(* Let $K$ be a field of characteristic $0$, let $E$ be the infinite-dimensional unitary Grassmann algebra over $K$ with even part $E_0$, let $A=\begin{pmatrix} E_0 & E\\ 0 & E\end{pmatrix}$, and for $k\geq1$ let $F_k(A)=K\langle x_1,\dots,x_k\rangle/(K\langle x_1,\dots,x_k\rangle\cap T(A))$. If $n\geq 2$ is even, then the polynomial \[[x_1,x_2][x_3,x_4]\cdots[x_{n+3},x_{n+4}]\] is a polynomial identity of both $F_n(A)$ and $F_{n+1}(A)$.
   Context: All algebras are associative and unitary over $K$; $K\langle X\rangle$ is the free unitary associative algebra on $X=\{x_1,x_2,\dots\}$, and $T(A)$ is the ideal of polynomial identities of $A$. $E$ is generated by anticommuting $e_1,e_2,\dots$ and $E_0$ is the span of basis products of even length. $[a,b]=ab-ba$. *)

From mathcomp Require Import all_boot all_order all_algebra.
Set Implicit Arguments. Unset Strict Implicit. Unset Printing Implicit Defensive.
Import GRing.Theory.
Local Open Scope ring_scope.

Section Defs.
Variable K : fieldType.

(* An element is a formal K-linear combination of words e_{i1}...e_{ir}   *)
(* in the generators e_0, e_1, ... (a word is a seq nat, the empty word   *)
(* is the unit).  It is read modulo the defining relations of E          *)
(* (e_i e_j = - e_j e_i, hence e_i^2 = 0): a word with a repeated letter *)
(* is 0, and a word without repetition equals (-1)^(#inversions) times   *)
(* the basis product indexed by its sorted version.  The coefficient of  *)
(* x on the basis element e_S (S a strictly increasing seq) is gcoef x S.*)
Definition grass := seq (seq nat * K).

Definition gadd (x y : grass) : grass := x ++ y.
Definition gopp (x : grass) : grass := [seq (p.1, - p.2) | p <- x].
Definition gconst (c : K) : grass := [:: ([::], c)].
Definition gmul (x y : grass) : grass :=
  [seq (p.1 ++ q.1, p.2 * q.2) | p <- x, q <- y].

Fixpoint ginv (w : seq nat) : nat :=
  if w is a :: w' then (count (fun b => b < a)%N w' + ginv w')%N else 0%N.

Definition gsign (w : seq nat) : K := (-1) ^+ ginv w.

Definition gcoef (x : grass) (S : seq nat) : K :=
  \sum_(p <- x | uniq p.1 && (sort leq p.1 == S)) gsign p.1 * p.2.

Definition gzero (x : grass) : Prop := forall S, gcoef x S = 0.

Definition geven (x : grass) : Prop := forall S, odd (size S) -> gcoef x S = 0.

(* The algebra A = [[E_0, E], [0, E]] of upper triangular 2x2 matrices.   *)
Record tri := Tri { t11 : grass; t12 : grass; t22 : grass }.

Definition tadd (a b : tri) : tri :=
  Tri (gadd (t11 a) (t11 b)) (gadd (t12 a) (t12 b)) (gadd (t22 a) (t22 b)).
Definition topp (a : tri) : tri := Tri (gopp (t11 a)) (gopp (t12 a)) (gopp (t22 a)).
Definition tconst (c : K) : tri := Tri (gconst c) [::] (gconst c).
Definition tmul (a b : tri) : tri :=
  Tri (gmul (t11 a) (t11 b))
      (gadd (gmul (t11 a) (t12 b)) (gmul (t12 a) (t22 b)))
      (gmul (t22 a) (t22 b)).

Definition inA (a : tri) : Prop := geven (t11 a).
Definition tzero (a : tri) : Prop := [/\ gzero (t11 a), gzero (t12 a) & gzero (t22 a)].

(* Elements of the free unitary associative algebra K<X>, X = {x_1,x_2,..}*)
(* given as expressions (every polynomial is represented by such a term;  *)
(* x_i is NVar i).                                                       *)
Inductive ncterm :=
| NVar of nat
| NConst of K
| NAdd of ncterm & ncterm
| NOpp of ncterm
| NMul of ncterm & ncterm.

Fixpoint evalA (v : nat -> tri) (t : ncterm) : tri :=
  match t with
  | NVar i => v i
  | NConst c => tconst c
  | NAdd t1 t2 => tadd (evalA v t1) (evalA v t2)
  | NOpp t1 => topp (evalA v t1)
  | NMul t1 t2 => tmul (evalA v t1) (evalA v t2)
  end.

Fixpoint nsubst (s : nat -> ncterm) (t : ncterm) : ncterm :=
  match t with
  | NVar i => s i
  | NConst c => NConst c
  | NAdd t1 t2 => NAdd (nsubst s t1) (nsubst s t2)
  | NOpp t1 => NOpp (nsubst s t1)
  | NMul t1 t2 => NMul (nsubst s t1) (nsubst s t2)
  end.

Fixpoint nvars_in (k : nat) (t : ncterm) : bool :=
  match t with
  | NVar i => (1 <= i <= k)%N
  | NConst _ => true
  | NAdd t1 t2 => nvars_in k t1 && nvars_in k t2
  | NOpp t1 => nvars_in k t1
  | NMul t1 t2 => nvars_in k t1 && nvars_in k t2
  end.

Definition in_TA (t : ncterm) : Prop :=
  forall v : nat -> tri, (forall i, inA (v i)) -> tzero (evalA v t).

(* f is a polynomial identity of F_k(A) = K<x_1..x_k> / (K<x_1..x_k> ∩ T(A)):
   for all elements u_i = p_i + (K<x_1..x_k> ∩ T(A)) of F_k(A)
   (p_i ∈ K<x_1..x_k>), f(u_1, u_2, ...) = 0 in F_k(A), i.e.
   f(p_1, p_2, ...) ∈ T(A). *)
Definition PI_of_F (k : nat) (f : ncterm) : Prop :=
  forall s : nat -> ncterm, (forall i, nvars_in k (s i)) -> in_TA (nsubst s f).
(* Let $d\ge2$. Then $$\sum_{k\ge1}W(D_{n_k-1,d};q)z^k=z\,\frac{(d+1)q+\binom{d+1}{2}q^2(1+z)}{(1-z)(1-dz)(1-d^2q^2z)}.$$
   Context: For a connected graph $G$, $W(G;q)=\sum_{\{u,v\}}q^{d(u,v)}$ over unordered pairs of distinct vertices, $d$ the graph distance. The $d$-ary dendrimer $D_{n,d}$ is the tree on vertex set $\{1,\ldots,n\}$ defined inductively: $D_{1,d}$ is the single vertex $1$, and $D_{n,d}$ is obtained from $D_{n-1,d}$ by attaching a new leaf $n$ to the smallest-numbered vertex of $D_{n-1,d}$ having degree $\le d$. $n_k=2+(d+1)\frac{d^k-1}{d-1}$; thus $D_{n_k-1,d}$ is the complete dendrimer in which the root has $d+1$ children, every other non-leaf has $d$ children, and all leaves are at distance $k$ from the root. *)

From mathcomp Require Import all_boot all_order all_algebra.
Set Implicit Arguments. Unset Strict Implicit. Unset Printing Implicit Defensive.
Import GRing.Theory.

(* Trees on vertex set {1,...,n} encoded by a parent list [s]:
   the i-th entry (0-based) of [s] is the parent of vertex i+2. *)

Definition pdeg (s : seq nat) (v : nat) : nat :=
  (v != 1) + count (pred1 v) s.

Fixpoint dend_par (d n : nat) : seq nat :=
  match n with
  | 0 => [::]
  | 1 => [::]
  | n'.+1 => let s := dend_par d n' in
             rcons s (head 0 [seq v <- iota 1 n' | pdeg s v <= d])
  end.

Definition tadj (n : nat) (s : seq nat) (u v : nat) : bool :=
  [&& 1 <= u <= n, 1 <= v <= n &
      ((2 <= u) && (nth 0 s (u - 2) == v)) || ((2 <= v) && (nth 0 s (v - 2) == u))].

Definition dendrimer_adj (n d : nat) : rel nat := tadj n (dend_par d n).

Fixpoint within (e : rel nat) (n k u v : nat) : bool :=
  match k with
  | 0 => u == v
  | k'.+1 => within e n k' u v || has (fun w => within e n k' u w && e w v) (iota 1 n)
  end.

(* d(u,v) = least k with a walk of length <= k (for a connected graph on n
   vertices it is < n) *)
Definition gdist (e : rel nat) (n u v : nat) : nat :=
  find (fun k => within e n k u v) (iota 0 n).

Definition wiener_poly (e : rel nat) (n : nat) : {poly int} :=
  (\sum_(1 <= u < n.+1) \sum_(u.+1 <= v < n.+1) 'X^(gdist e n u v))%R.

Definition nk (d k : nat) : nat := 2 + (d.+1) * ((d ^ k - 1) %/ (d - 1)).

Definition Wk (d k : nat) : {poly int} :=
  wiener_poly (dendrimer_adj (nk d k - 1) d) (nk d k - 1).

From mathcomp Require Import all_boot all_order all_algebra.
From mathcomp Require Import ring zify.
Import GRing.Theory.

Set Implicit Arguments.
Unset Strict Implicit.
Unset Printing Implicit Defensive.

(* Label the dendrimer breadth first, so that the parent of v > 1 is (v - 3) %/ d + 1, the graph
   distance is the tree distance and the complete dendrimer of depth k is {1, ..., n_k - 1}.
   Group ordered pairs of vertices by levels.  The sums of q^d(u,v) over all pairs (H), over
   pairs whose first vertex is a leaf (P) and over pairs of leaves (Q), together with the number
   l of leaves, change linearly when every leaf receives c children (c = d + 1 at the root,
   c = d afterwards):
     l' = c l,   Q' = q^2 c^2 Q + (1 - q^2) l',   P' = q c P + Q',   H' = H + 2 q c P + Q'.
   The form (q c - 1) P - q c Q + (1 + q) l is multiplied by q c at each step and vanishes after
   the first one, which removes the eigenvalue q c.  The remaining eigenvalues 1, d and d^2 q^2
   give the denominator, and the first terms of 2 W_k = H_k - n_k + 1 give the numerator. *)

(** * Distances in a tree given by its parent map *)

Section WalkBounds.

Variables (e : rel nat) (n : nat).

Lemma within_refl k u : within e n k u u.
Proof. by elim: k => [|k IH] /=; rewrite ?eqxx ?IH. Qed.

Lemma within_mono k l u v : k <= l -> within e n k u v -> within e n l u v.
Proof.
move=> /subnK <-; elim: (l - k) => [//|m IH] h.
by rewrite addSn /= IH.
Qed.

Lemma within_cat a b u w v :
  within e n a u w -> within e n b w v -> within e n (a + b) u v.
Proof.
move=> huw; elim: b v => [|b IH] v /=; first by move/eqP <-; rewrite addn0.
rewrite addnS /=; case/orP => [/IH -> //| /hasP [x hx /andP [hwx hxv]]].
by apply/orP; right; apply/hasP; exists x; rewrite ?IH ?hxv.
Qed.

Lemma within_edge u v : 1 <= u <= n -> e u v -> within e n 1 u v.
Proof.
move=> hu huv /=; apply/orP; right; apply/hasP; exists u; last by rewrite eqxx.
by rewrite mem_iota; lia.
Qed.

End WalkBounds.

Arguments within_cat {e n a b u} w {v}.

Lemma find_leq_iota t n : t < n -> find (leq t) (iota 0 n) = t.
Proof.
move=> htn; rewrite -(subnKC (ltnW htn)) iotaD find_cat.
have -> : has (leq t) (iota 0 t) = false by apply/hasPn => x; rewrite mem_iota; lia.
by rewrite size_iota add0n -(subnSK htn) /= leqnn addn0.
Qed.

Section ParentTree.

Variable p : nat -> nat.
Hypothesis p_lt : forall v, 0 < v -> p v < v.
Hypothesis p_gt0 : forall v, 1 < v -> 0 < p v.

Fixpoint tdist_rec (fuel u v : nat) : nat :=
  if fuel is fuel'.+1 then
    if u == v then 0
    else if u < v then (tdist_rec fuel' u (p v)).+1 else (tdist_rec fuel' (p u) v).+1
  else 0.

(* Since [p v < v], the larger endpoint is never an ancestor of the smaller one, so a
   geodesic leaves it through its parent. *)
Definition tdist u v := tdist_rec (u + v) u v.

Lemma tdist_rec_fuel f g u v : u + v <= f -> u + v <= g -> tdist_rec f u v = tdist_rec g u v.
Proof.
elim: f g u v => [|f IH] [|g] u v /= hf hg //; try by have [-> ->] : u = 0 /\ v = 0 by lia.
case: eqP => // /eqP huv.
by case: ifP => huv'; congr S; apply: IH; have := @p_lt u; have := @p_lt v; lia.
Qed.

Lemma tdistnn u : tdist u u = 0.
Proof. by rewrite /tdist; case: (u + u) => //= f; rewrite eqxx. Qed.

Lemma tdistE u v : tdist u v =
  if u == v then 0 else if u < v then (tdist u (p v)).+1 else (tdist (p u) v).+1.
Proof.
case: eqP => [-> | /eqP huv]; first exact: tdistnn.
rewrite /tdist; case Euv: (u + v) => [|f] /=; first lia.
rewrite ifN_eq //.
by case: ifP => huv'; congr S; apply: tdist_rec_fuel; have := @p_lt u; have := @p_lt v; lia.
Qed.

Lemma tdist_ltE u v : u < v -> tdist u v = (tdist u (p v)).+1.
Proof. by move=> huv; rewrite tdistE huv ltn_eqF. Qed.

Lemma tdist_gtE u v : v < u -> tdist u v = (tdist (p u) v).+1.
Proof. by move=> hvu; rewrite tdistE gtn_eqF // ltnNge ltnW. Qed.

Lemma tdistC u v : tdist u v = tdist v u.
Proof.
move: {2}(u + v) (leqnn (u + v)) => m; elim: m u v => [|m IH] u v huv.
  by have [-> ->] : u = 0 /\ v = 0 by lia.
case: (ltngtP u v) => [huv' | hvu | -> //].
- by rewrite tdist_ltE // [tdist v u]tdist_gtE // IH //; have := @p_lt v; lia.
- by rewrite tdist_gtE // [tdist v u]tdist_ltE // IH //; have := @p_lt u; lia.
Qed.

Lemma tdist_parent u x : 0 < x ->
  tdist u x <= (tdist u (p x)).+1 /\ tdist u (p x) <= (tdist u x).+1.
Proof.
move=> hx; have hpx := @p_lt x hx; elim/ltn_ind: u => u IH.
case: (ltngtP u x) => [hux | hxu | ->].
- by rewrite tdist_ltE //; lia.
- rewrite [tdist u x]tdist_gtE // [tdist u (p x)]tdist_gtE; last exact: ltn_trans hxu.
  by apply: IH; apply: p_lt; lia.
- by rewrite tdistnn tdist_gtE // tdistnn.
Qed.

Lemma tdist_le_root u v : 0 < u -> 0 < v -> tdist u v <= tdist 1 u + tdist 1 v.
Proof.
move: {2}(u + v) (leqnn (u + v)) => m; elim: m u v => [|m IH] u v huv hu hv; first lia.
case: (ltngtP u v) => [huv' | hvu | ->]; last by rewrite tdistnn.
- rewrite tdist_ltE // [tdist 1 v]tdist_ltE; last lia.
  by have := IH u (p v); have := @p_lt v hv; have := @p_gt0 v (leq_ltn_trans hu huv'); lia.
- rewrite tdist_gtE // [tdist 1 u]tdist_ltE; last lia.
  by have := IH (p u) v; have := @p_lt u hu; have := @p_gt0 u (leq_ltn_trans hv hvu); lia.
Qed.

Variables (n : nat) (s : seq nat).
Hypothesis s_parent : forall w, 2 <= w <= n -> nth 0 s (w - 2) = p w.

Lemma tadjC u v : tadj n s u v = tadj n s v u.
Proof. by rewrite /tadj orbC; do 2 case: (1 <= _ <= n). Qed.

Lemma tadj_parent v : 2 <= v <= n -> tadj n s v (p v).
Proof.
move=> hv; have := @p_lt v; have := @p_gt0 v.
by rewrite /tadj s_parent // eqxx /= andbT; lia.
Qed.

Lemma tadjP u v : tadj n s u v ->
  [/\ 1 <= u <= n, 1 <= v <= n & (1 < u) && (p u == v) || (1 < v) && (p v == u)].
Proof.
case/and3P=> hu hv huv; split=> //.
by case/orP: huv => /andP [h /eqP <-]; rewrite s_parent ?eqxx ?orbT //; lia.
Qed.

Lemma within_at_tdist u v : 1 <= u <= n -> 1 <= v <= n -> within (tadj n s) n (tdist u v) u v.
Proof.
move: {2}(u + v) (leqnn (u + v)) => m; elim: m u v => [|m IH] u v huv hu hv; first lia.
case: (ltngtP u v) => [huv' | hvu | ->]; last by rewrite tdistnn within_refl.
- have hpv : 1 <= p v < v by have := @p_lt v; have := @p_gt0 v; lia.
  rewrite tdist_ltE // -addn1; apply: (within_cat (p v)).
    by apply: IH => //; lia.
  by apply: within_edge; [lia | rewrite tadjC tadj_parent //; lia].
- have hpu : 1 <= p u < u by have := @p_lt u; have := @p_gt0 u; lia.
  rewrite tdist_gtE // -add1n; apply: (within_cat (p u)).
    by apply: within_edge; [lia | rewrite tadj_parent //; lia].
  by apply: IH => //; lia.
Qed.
########################################
__What the task requires__
After locating the line holding "the first one, which" above, output exactly that line and every line after it through the line holding "Section WalkBounds.". Include nothing else.

__Answer__
   the first one, which removes the eigenvalue q c.  The remaining eigenvalues 1, d and d^2 q^2
   give the denominator, and the first terms of 2 W_k = H_k - n_k + 1 give the numerator. *)

(** * Distances in a tree given by its parent map *)

Section WalkBounds.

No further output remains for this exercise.